== Listed records ==
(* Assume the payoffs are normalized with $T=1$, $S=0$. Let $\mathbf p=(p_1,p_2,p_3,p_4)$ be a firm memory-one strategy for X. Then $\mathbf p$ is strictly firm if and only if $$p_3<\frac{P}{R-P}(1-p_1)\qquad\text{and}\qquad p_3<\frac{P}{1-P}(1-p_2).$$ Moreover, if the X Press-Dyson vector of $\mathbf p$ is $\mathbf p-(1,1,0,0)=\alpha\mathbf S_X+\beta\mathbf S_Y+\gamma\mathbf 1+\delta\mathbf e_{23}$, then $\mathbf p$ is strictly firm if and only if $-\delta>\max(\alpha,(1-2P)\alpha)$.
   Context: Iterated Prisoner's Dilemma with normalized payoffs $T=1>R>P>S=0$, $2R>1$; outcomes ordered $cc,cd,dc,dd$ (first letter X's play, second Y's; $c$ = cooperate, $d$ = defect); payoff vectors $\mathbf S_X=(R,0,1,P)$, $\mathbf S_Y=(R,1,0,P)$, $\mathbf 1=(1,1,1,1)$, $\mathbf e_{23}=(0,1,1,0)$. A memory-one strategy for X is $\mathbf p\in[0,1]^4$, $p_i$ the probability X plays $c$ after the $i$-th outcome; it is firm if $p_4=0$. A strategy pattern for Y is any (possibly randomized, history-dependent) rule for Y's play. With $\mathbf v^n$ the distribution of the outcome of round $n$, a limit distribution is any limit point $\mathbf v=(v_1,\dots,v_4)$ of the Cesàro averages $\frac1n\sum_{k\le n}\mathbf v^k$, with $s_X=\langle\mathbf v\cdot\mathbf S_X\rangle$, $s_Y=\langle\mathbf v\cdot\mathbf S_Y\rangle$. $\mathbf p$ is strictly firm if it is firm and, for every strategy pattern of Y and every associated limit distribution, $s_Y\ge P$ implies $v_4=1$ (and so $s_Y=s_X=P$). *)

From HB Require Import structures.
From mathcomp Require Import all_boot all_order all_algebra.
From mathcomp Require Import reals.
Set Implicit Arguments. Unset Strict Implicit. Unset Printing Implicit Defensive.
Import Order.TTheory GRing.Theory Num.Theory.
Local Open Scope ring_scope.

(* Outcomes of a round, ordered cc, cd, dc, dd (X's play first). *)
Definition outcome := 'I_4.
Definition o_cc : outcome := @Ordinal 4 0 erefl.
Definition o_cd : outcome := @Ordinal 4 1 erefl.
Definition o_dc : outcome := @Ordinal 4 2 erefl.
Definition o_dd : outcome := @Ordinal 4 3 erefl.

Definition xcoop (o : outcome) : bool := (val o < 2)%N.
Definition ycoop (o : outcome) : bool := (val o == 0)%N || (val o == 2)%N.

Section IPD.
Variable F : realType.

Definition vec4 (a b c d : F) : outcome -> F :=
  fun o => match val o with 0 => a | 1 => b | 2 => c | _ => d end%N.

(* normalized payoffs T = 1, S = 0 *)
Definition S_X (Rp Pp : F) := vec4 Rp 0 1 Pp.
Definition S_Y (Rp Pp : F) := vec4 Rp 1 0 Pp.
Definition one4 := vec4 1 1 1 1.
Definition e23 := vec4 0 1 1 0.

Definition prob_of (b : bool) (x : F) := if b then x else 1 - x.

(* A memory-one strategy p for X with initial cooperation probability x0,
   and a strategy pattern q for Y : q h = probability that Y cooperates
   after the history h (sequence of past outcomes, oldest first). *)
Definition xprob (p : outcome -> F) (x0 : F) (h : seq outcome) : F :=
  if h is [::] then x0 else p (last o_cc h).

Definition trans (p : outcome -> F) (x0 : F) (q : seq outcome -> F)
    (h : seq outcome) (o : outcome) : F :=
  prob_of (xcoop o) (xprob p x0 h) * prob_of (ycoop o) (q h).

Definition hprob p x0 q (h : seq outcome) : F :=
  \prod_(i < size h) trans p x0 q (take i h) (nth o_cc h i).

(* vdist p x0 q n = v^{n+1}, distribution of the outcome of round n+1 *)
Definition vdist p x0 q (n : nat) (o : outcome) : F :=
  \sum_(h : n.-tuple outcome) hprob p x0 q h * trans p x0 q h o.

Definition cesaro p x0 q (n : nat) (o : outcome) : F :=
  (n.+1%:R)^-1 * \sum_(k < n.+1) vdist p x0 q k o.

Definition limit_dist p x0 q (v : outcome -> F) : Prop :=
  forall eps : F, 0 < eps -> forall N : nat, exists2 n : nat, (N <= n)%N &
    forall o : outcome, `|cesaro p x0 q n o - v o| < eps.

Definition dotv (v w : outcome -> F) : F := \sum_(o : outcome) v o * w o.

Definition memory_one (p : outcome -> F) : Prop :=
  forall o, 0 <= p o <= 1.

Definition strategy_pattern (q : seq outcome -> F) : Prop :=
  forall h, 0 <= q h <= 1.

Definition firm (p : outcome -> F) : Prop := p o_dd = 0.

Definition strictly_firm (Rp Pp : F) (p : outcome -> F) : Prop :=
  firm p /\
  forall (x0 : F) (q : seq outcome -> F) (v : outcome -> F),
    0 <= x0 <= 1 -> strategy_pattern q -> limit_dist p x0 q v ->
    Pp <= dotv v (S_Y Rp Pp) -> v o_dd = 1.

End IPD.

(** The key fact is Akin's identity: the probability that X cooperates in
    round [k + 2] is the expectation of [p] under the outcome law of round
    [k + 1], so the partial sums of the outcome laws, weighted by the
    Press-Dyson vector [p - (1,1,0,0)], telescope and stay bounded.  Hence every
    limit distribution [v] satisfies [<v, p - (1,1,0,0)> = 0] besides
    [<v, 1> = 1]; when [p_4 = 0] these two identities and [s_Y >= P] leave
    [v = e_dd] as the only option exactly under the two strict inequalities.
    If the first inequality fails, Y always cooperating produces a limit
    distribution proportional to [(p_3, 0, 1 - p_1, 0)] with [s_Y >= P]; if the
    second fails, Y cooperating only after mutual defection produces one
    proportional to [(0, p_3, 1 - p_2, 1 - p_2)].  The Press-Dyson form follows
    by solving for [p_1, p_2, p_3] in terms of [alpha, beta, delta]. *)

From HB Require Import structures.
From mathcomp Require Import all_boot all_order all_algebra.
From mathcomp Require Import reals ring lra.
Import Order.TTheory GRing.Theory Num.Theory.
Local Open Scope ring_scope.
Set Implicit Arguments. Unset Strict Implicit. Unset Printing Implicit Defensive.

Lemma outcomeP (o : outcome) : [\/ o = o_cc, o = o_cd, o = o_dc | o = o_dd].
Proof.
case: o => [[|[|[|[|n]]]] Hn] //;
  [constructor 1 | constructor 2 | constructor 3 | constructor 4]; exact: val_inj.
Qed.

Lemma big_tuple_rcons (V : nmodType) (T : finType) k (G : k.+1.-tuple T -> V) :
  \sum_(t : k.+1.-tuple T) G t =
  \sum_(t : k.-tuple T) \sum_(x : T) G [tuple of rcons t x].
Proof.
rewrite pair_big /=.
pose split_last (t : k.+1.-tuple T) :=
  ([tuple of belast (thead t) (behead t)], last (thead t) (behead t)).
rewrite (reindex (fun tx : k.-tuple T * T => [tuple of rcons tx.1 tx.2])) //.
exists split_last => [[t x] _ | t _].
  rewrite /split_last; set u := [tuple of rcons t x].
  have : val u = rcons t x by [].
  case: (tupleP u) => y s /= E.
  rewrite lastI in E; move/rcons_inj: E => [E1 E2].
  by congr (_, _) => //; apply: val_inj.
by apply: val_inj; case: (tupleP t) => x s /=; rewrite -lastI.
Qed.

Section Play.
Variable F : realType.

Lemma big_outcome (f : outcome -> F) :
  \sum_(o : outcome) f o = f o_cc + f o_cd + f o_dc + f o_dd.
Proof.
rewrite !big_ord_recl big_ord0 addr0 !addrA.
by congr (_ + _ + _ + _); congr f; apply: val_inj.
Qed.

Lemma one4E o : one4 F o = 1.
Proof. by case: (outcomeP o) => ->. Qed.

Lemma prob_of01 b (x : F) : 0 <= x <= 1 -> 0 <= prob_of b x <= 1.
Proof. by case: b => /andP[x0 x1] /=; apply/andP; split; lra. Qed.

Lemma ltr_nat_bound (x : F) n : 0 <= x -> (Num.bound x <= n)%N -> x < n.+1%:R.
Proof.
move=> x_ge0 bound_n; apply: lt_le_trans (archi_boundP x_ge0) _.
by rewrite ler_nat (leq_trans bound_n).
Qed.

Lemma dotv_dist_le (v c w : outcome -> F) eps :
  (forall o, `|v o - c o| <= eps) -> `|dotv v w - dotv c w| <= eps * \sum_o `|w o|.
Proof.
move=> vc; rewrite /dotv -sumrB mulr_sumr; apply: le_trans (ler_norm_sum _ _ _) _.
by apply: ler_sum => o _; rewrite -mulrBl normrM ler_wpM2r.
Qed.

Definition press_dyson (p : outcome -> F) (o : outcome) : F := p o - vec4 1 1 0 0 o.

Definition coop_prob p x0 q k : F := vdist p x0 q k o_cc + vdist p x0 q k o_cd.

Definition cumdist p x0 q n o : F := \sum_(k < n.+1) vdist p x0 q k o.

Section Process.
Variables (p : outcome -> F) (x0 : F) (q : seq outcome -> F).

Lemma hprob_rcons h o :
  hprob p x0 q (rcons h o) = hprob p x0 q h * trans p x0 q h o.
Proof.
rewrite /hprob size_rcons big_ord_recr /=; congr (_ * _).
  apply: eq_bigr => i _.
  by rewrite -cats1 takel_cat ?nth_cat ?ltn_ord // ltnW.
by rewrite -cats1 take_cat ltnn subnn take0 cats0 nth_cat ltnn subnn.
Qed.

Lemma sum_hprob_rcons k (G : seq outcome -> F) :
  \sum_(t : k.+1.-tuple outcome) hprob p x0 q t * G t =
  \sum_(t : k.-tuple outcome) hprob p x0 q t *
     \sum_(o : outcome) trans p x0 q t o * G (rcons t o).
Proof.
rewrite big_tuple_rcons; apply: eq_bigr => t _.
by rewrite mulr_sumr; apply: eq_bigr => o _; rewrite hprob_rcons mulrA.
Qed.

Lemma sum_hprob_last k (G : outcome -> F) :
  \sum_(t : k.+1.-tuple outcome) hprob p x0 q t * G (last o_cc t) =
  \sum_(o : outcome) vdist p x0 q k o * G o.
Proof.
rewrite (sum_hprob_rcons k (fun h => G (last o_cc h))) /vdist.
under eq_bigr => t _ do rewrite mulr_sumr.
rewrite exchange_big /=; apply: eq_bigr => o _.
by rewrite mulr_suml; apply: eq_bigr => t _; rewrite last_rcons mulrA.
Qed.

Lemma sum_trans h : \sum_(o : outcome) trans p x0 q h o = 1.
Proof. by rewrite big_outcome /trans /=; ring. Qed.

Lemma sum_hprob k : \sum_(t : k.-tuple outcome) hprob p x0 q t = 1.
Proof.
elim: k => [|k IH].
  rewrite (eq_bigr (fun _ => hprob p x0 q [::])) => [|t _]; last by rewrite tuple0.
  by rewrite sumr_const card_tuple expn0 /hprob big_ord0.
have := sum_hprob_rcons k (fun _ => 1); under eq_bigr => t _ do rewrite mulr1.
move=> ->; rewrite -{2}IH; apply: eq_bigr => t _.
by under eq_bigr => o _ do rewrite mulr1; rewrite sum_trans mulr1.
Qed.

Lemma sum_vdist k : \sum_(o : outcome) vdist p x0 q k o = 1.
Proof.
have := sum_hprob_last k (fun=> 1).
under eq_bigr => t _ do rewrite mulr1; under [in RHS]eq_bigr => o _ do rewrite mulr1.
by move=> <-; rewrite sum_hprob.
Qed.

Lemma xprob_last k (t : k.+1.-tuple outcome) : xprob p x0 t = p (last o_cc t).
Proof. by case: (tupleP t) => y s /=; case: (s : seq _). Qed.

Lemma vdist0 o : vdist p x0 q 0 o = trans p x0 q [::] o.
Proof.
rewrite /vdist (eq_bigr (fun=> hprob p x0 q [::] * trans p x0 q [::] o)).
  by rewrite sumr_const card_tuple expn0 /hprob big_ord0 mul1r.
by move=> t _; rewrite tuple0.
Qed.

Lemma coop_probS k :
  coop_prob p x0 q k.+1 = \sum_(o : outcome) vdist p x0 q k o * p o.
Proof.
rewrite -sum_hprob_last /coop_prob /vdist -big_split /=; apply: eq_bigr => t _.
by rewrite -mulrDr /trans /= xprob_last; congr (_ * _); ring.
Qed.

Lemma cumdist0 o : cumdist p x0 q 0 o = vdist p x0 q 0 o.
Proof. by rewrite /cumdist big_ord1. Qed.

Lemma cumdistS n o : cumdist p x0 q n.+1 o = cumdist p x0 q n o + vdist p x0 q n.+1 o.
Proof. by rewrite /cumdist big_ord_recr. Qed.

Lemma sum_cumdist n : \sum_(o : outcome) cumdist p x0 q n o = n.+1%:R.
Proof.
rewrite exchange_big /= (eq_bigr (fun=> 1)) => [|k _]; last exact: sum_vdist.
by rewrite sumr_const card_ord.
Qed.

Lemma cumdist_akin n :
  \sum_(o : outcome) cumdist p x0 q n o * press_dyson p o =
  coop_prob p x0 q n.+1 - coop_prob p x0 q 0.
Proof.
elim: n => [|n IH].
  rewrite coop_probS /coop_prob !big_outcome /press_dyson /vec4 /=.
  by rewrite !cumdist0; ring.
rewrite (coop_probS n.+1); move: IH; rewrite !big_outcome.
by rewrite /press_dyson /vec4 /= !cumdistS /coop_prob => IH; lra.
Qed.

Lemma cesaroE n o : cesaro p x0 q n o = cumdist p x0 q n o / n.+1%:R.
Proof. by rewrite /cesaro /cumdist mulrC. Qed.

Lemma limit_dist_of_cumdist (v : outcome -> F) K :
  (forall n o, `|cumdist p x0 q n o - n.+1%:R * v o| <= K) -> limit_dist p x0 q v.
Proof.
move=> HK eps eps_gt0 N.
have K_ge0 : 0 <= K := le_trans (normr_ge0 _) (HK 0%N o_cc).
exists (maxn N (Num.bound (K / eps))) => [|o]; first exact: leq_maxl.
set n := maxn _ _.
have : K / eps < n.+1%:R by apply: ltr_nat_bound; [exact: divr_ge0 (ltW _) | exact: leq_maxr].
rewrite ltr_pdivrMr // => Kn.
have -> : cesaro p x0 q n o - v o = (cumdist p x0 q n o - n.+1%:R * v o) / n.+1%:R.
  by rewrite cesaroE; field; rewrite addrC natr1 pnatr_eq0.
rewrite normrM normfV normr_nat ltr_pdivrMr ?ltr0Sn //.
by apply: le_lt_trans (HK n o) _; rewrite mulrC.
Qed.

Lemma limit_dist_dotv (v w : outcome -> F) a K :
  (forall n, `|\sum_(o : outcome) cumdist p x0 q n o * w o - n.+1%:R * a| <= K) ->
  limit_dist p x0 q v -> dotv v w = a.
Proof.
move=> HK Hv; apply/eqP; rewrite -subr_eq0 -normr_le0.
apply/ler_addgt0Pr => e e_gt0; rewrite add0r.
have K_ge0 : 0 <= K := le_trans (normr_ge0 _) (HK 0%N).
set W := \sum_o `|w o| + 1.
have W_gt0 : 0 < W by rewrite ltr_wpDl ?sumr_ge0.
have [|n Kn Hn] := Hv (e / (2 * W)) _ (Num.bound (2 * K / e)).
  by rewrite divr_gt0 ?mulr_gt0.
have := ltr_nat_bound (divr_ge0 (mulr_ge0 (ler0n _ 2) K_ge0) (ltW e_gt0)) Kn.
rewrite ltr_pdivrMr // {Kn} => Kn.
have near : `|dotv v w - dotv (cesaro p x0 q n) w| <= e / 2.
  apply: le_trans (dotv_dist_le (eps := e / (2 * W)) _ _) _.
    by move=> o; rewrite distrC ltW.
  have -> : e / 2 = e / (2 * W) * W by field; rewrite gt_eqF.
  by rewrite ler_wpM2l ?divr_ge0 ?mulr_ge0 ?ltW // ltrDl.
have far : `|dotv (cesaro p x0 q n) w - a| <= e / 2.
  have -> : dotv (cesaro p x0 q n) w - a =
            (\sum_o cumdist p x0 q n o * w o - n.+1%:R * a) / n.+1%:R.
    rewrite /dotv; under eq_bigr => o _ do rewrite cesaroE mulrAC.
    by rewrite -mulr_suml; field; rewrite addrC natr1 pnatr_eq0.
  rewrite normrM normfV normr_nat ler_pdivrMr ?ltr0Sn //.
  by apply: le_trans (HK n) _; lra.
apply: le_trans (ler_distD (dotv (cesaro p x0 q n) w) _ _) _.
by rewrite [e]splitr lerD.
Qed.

== Work required ==
All that is needed is how many lines of the listing hold the word "distribution", stated as one number.

== Output of the task ==
4